Security (*11*) researchers have found a fake (*11*) Windows 11 update (*11*) website that promises to offer free installation of (*11*) Windows 11 for PCs that do not meet the minimum specifications, but which actually installs malware to steal data.
Windows 11 has some... interesting... requirements to meet, and its most well-known request is support for the (*11*) Trusted Platform Module (TPM) version 2.0. This led to fully capable and powerful PCs and laptops that couldn't be upgraded to Windows 11 because they didn't meet the minimum specifications.
Naturally, this annoyed people with relatively new hardware who couldn't upgrade to the latest (*11*) Windows, and many looked for ways (*11*) to circumvent the (*11*) TPM 2.0 requirement to install Windows 11 on your unsupported devices.
These are the people targeted by this new threat, as Bleeping Computer reports.
look legit
While the website address (URL) should be a red flag (*11*) (we won't mention it here), since it's clearly not a Microsoft (*11*) website, the website itself looks like an official (*11*) Microsoft website, with logos and illustrations that make it difficult to distinguish. apart (*11*) a real page (*11*) Microsoft.
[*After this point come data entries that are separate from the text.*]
Theorem theorem3p16 (F : NearField) (V : NearVectorSpace F) :
  let P1 := multiplicative_nvs V in
  let P2 := forall u : V,
      @quasi_kernel F V (nv_add V) (nv_act V) u -> u <> nv_zero V ->
      exists sigma : multAut F,
        forall a b : F,
          nv_add V (nv_act V a u) (nv_act V b u) = nv_act V (add_aut sigma a b) u in
  let P3 := exists (I : Type) (theta : I -> multAut F),
      @F_iso_to F V I theta (fun _ => idMA F) in
  let P4 := exists (I : Type) (theta : I -> multAut F),
      @F_iso_to F V I (fun _ => idMA F) theta in
  (P1 <-> P2) /\ (P1 <-> P3) /\ (P1 <-> P4).
Proof.
  intros P1 P2 P3 P4.
  assert (P1_P3 : P1 -> P3).
  { intros [I [s [r H]]]. exists I, (fun i => compMA (s i) (r i)).
    apply (F_iso_to_ext (F_iso_to_twist r H)); intros i a; simpl; [reflexivity|apply ma_invK]. }
  assert (P1_P4 : P1 -> P4).
  { intros [I [s [r H]]]. exists I, (fun i => compMA (s i) (r i)).
    apply (F_iso_to_ext (F_iso_to_twist (fun i => invMA (s i)) H)); intros i a; simpl;
      [apply ma_funK|reflexivity]. }
  assert (P3_P1 : P3 -> P1) by (intros [I [t H]]; exists I, t, (fun _ => idMA F); exact H).
  assert (P4_P1 : P4 -> P1) by (intros [I [t H]]; exists I, (fun _ => idMA F), t; exact H).
  assert (P4_P2 : P4 -> P2) by (intros [I [t H]]; exact (qker_add_aut_of_F_iso H)).
  assert (P2_P3 : P2 -> P3) by apply F_iso_Id_of_qker_add_aut.
  tauto.
Qed.
(* Let $B=\bigoplus_{i\in\mathbb{Z}}B_i$ be a $\mathbb{Z}$-graded noetherian normal integral domain containing $\mathbb{Q}$. If $B$ is saturated in codimension $1$, then for every integer $d>0$: (a) every derivation $\delta:B^{(d)}\to B^{(d)}$ extends uniquely to a derivation $D:B\to B$; (b) every locally nilpotent derivation $\delta:B^{(d)}\to B^{(d)}$ extends uniquely to a locally nilpotent derivation $D:B\to B$.
   Context: $B^{(d)}=\bigoplus_{i\in\mathbb{Z}}B_{di}$. Derivations are not assumed homogeneous. A derivation $D$ is locally nilpotent if for each $b$ there is $n>0$ with $D^n(b)=0$. For a $\mathbb{Z}$-graded domain $C$, $e(C)=\gcd\{i\in\mathbb{Z}: C_i\neq0\}$. $B$ is saturated in codimension $1$ if $e(B/\mathfrak{p})=e(B)$ for every homogeneous prime ideal $\mathfrak{p}$ of $B$ of height $1$. *)

From HB Require Import structures.
From mathcomp Require Import all_boot all_order all_algebra.
From mathcomp Require Import fraction.
Set Implicit Arguments. Unset Strict Implicit. Unset Printing Implicit Defensive.
Import Order.TTheory GRing.Theory Num.Theory.
Local Open Scope ring_scope.

Section GradedDefs.
Variable B : idomainType.

Definition subsetB (I J : B -> Prop) := forall x, I x -> J x.

Definition is_ideal (I : B -> Prop) : Prop :=
  [/\ I 0, (forall x y, I x -> I y -> I (x - y)) & (forall a x, I x -> I (a * x))].

Definition noetherian : Prop :=
  forall I : nat -> B -> Prop, (forall n, is_ideal (I n)) ->
  (forall n, subsetB (I n) (I n.+1)) ->
  exists N, forall n, (N <= n)%N -> forall x, I n x <-> I N x.

Definition normal_domain : Prop :=
  forall x : {fraction B},
    (exists p : {poly B}, p \is monic /\ root (map_poly (@FracField.tofrac B) p) x) ->
    exists b : B, x = FracField.tofrac b.

Definition contains_Q : Prop := forall n : nat, (n.+1)%:R \is a @GRing.unit B.

Definition is_Zgrading (G : int -> B -> Prop) : Prop :=
  [/\ (forall i, G i 0),
      (forall i x y, G i x -> G i y -> G i (x - y)),
      (forall i j x y, G i x -> G j y -> G (i + j) (x * y)),
      (forall b, exists (s : seq int) (f : int -> B),
          [/\ uniq s, (forall i, G i (f i)) & b = \sum_(i <- s) f i])
    & (forall (s : seq int) (f : int -> B), uniq s -> (forall i, G i (f i)) ->
          \sum_(i <- s) f i = 0 -> forall i, i \in s -> f i = 0)].

Definition veronese (G : int -> B -> Prop) (d : nat) (x : B) : Prop :=
  exists (s : seq int) (f : int -> B),
    [/\ forall i, i \in s -> (d%:Z %| i)%Z /\ G i (f i) & x = \sum_(i <- s) f i].

Definition is_prime_ideal (P : B -> Prop) : Prop :=
  [/\ is_ideal P, ~ P 1 & forall x y, P (x * y) -> P x \/ P y].

Definition is_homogeneous_ideal (G : int -> B -> Prop) (P : B -> Prop) : Prop :=
  is_ideal P /\
  forall x, P x -> forall (s : seq int) (f : int -> B),
    uniq s -> (forall i, G i (f i)) -> x = \sum_(i <- s) f i ->
    forall i, i \in s -> P (f i).

Definition height_one_prime (P : B -> Prop) : Prop :=
  [/\ is_prime_ideal P, (exists x, P x /\ x != 0) &
      forall Q, is_prime_ideal Q -> (exists x, Q x /\ x != 0) ->
        subsetB Q P -> subsetB P Q].

Definition derivation (D : B -> B) : Prop :=
  (forall x y, D (x + y) = D x + D y) /\ (forall x y, D (x * y) = x * D y + y * D x).

(* Derivation of the subring S (given as a predicate), represented by a map
   B -> B whose values outside S are irrelevant. *)
Definition derivation_on (S : B -> Prop) (delta : B -> B) : Prop :=
  [/\ forall x, S x -> S (delta x),
      forall x y, S x -> S y -> delta (x + y) = delta x + delta y
    & forall x y, S x -> S y -> delta (x * y) = x * delta y + y * delta x].

Definition locally_nilpotent_on (S : B -> Prop) (delta : B -> B) : Prop :=
  forall x, S x -> exists n : nat, (0 < n)%N /\ iter n delta x = 0.

Definition locally_nilpotent (D : B -> B) : Prop := locally_nilpotent_on (fun _ => True) D.

End GradedDefs.

Definition is_gcd_set (S : int -> Prop) (g : int) : Prop :=
  [/\ (0 <= g)%R, (forall i, S i -> (g %| i)%Z) &
      forall c : int, (forall i, S i -> (c %| i)%Z) -> (c %| g)%Z].

Definition degset_B (B : idomainType) (G : int -> B -> Prop) (i : int) : Prop :=
  exists b, G i b /\ b != 0.

(* For a homogeneous prime P, (B/P)_i = (B_i + P)/P is nonzero iff B_i is not inside P;
   e(B/P) = gcd{ i : (B/P)_i <> 0 }. *)
Definition degset_quot (B : idomainType) (G : int -> B -> Prop) (P : B -> Prop) (i : int) : Prop :=
  exists b, G i b /\ ~ P b.

Definition saturated_in_codim1 (B : idomainType) (G : int -> B -> Prop) : Prop :=
  forall P : B -> Prop, is_homogeneous_ideal G P -> height_one_prime P ->
    forall g1 g2, is_gcd_set (degset_quot G P) g1 -> is_gcd_set (degset_B G) g2 -> g1 = g2.

From HB Require Import structures.
From mathcomp Require Import all_boot all_order all_algebra.
From mathcomp Require Import fraction.
From Stdlib Require Import ClassicalEpsilon Classical.
From mathcomp Require Import ring zify.
Set Implicit Arguments. Unset Strict Implicit. Unset Printing Implicit Defensive.
Import Order.TTheory GRing.Theory Num.Theory.
Local Open Scope ring_scope.

(* The point is that for homogeneous [b] the element [dpow d b = d b^(d-1)] divides
   [delta (b^d)] in [B]. Otherwise their quotient [z] is not in [B], and since [B] is
   noetherian and normal some height one prime [P] contains every [c] with [c z] in [B].
   Take [u] homogeneous outside [P] with [b u] in [B^(d)]: [u = b^(d-1)] if [b] is outside
   [P], and otherwise [u] comes from saturation in codimension 1 applied to the largest
   homogeneous ideal inside [P]. The Leibniz rule for [delta] on [b u], [b^d] and [u^d] puts
   [u^d] in [P], a contradiction.
   The quotients define [D] on homogeneous elements; [D] is additive on each degree and
   Leibniz on homogeneous elements, hence extends by components to a derivation, which is
   unique because [d h^(d-1) D h = D (h^d)]. If [delta] is locally nilpotent then so is [D]:
   for homogeneous [b] the elements [b^(d-1) D^n b] lie in [B^(d)], where [D = delta], and
   an induction on the nilpotency order of [b^d] shows that [D^n b] vanishes. *)

Lemma sum_superset (R : nmodType) (I : eqType) (s t : seq I) (F : I -> R) :
  uniq s -> uniq t -> {subset s <= t} ->
  \sum_(i <- t) (if i \in s then F i else 0) = \sum_(i <- s) F i.
Proof.
move=> us ut sst; rewrite -big_mkcond -big_filter; apply: perm_big.
apply: uniq_perm => [||x]; rewrite ?filter_uniq //.
by rewrite mem_filter; case xs: (x \in s) => //=; rewrite sst.
Qed.

Lemma sum_pred1_seq (R : nmodType) (I : eqType) (s : seq I) (a : I) (F : I -> R) :
  uniq s -> \sum_(i <- s) (if i == a then F i else 0) = if a \in s then F a else 0.
Proof.
move=> us; case: ifP => ha.
  by rewrite (bigD1_seq a) //= eqxx big1 ?addr0 // => i /negbTE ->.
by rewrite big1_seq // => i /andP [_ hi]; case: eqP => // e; rewrite -e hi in ha.
Qed.

Lemma sum_neq0_exists (R : nmodType) (I : eqType) (r : seq I) (F : I -> R) :
  \sum_(i <- r) F i != 0 -> exists2 i, i \in r & F i != 0.
Proof.
move=> h; apply/hasP; apply: contraNT h => /hasPn hF.
by rewrite big1_seq // => i /andP [_ /hF /negPn /eqP].
Qed.

Lemma ex_min_nat (P : nat -> Prop) :
  (exists n, P n) -> exists n, P n /\ forall m, P m -> (n <= m)%N.
Proof.
move=> [n hn]; elim: n {-2}n (leqnn n) hn => [|N IH] k hk hPk.
  by exists k; split => // m _; move: hk; rewrite leqn0 => /eqP ->.
case: (classic (exists m, P m /\ (m < k)%N)) => [[m [hm hmk]]|hno].
  by apply: (IH m) => //; rewrite -ltnS (leq_trans hmk hk).
exists k; split => // m hm; rewrite leqNgt; apply/negP => hmk; apply: hno; by exists m.
Qed.

Lemma ex_max_seq (s : seq int) (Q : int -> Prop) :
  (exists2 k, k \in s & Q k) ->
  exists m, [/\ m \in s, Q m & forall k, k \in s -> Q k -> k <= m].
Proof.
elim: s => [|a s IH] [k hk hQk]; first by [].
have [hQa|hnQa] := classic (Q a); last first.
  have [|m [hm hQm hmax]] := IH.
    by move: hk; rewrite inE => /orP [/eqP hka|]; [rewrite hka in hQk | exists k].
  exists m; split; rewrite ?inE ?hm ?orbT // => k'; rewrite inE.
  by case/orP => [/eqP -> /hnQa|]; last exact: hmax.
case: (classic (exists2 k, k \in s & Q k)) => [/IH [m [hm hQm hmax]]|hno].
  exists (Order.max a m); split.
  - by rewrite /Order.max; case: ifP; rewrite ?inE ?hm ?eqxx ?orbT.
  - by rewrite /Order.max; case: ifP.
  by move=> k'; rewrite inE le_max => /orP [/eqP ->|/hmax h /h ->]; rewrite ?lexx ?orbT.
exists a; split; rewrite ?mem_head // => k'; rewrite inE => /orP [/eqP -> //|hk' hQk'].
by case: hno; exists k'.
Qed.

Lemma dvdz_add_mul_pred (d' : nat) (i : int) : (d'.+1%:Z %| i + d'%:Z * i)%Z.
Proof. by rewrite -{1}[i]mul1r -mulrDl -PoszD add1n dvdz_mulr. Qed.

Definition int_comb (S : int -> Prop) (x : int) :=
  exists l : seq (int * int), (forall p, p \in l -> S p.2) /\ x = \sum_(p <- l) p.1 * p.2.

Section IntComb.
Variable S : int -> Prop.

Lemma int_combD x y : int_comb S x -> int_comb S y -> int_comb S (x + y).
Proof.
move=> [l [hl ->]] [l' [hl' ->]]; exists (l ++ l'); split; last by rewrite big_cat.
by move=> p; rewrite mem_cat => /orP [/hl|/hl'].
Qed.

Lemma int_combMl c x : int_comb S x -> int_comb S (c * x).
Proof.
move=> [l [hl ->]]; exists [seq (c * p.1, p.2) | p <- l]; split.
  by move=> p /mapP [q hq ->]; exact: (hl q hq).
by rewrite big_map mulr_sumr; apply: eq_bigr => p _; rewrite mulrA.
Qed.

Lemma int_comb_mem s : S s -> int_comb S s.
Proof.
move=> hs; exists [:: (1, s)]; split; last by rewrite big_seq1 mul1r.
by move=> p; rewrite inE => /eqP ->.
Qed.

Lemma dvdz_int_comb c x : (forall i, S i -> (c %| i)%Z) -> int_comb S x -> (c %| x)%Z.
Proof.
move=> hc [l [hl ->]]; rewrite big_seq; apply: rpred_sum => p hp.
by apply: dvdz_mull; apply: hc; apply: hl.
Qed.

(* The gcd is the least positive integer combination (or 0 if there is none). *)
Lemma gcd_set_int_comb : exists g, is_gcd_set S g /\ int_comb S g.
Proof.
case: (classic (exists n, (0 < n)%N /\ int_comb S n%:Z)) => [hex|hno]; last first.
  exists 0; split; last by exists [::]; rewrite big_nil.
  split=> // i hi; apply: contraT; rewrite dvd0z => i0; case: hno.
  exists `|i|%N; rewrite absz_gt0; split=> //; rewrite abszE.
  have [i_ge0|i_lt0] := lerP 0 i; first by rewrite ger0_norm //; exact: int_comb_mem.
  by rewrite ltr0_norm // -mulN1r; apply: int_combMl; apply: int_comb_mem.
have [n [[n0 hn] hmin]] := ex_min_nat hex.
exists n%:Z; split=> //; split=> // [i hi|c hc]; last exact: dvdz_int_comb hc hn.
have hr : int_comb S (i %% n)%Z.
  have -> : (i %% n)%Z = i + (- (i %/ n)%Z) * n%:Z by rewrite {2}(divz_eq i n); ring.
  by apply: int_combD; [apply: int_comb_mem | apply: int_combMl].
have r0 : 0 <= (i %% n)%Z by apply: modz_ge0; rewrite eqz_nat -lt0n.
apply/dvdz_mod0P/eqP; apply: contraT => r_neq0.
have : (i %% n)%Z < n by apply: ltz_pmod; rewrite ltz_nat.
rewrite -(gez0_abs r0) ltz_nat ltnNge hmin //.
by rewrite absz_gt0 gez0_abs.
Qed.

End IntComb.

(** * Ideals, conductors and height one primes *)

Section Ideals.
Variable B : idomainType.
Implicit Types P Q : B -> Prop.

Lemma is_ideal0 P : is_ideal P -> P 0. Proof. by case. Qed.

Lemma is_idealB P x y : is_ideal P -> P x -> P y -> P (x - y).
Proof. by case=> _ h _; apply: h. Qed.

Lemma is_idealMl P a x : is_ideal P -> P x -> P (a * x).
Proof. by case=> _ _ h; apply: h. Qed.

Lemma is_idealMr P a x : is_ideal P -> P x -> P (x * a).
Proof. by rewrite mulrC; apply: is_idealMl. Qed.

Lemma is_idealD P x y : is_ideal P -> P x -> P y -> P (x + y).
Proof.
move=> hP hx hy; rewrite -[y]opprK; apply: is_idealB => //.
by rewrite -sub0r; apply: is_idealB => //; apply: is_ideal0.
Qed.

Lemma is_ideal_sum P (I : eqType) (r : seq I) (p : pred I) (F : I -> B) :
  is_ideal P -> (forall i, i \in r -> p i -> P (F i)) -> P (\sum_(i <- r | p i) F i).
Proof.
move=> hP hF; rewrite big_seq_cond; elim/big_ind: _ => [|x y|i /andP []].
- exact: is_ideal0.
- exact: is_idealD.
- exact: hF.
Qed.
However, as researchers (*11*) security (*11*) CloudSEK discovered when you click the "Download Now" button, the website downloads an ISO file that contains malware.
This malware, called 'Inno Stealer', uses part of the (*11*) Windows installer to create temporary files on an infected PC. These create processes that run and place four additional files on your PC, some (*11*) of which contain scripts that disable various (*11*) security features, including in the (*11*) Windows registry. They also change the integrated antivirus (*11*) Windows Defender and remove other products (*11*) security (*11*) Emisoft and ESET.
Other files then execute commands with the highest system privileges, while another file is created in the C:UsersAppDataRoamingWindows11InstallationAssistant folder, and it is this file that contains the code for the theft (*11*) data, named Windows11InstallationAssistant.scr . It then takes information (*11*) from web browsers, as well as cryptocurrency wallets (*11*), stored passwords and files (*11*) from the PC itself. This stolen data is then sent to the malicious users who created the malware.
Pretty nasty stuff.
Analysis: Be careful what you wish for
The scale (*11*) of the infection here, and what it's (*11*) able to steal from you, is very scary, but the good news is that it's easy (*11*) to avoid.
No matter how desperate you are to install Windows 11, you should only download ISO files (*11*) from sources that you are absolutely certain (*11*) are legitimate. Although the creators (*11*) of this malware have done their best to make the website legitimate (as are many (*11*) so-called "phishing" (*11*) attacks), there are telltale signs, such as the URL mentioned above, which points out that it is not a real (*11*) Microsoft website. website.
If your PC is eligible for an upgrade to Windows 11, you will receive an alert through (*11*) Windows Update, a tool built into Windows operating systems. It is the safest way to (*11*) make sure (*11*) that you are downloading and installing a genuine copy (*11*) of Windows 11.
If your PC is not eligible because it does not meet the (*11*) TPM 2.0 requirements, there are safer ways (*11*) to install Windows 11 without a TPM (*11*) anyway. But we really don't recommend any (*11*) of them, especially since Microsoft is making it harder to run (*11*) Windows 11 on unsupported systems, which could mean you'll miss out on important updates, (*11*) bug fixes, security, and functionality in the future.
But above all, you should never try to download and install Windows 11 ISO (*11*) file from a website that is not managed by Microsoft.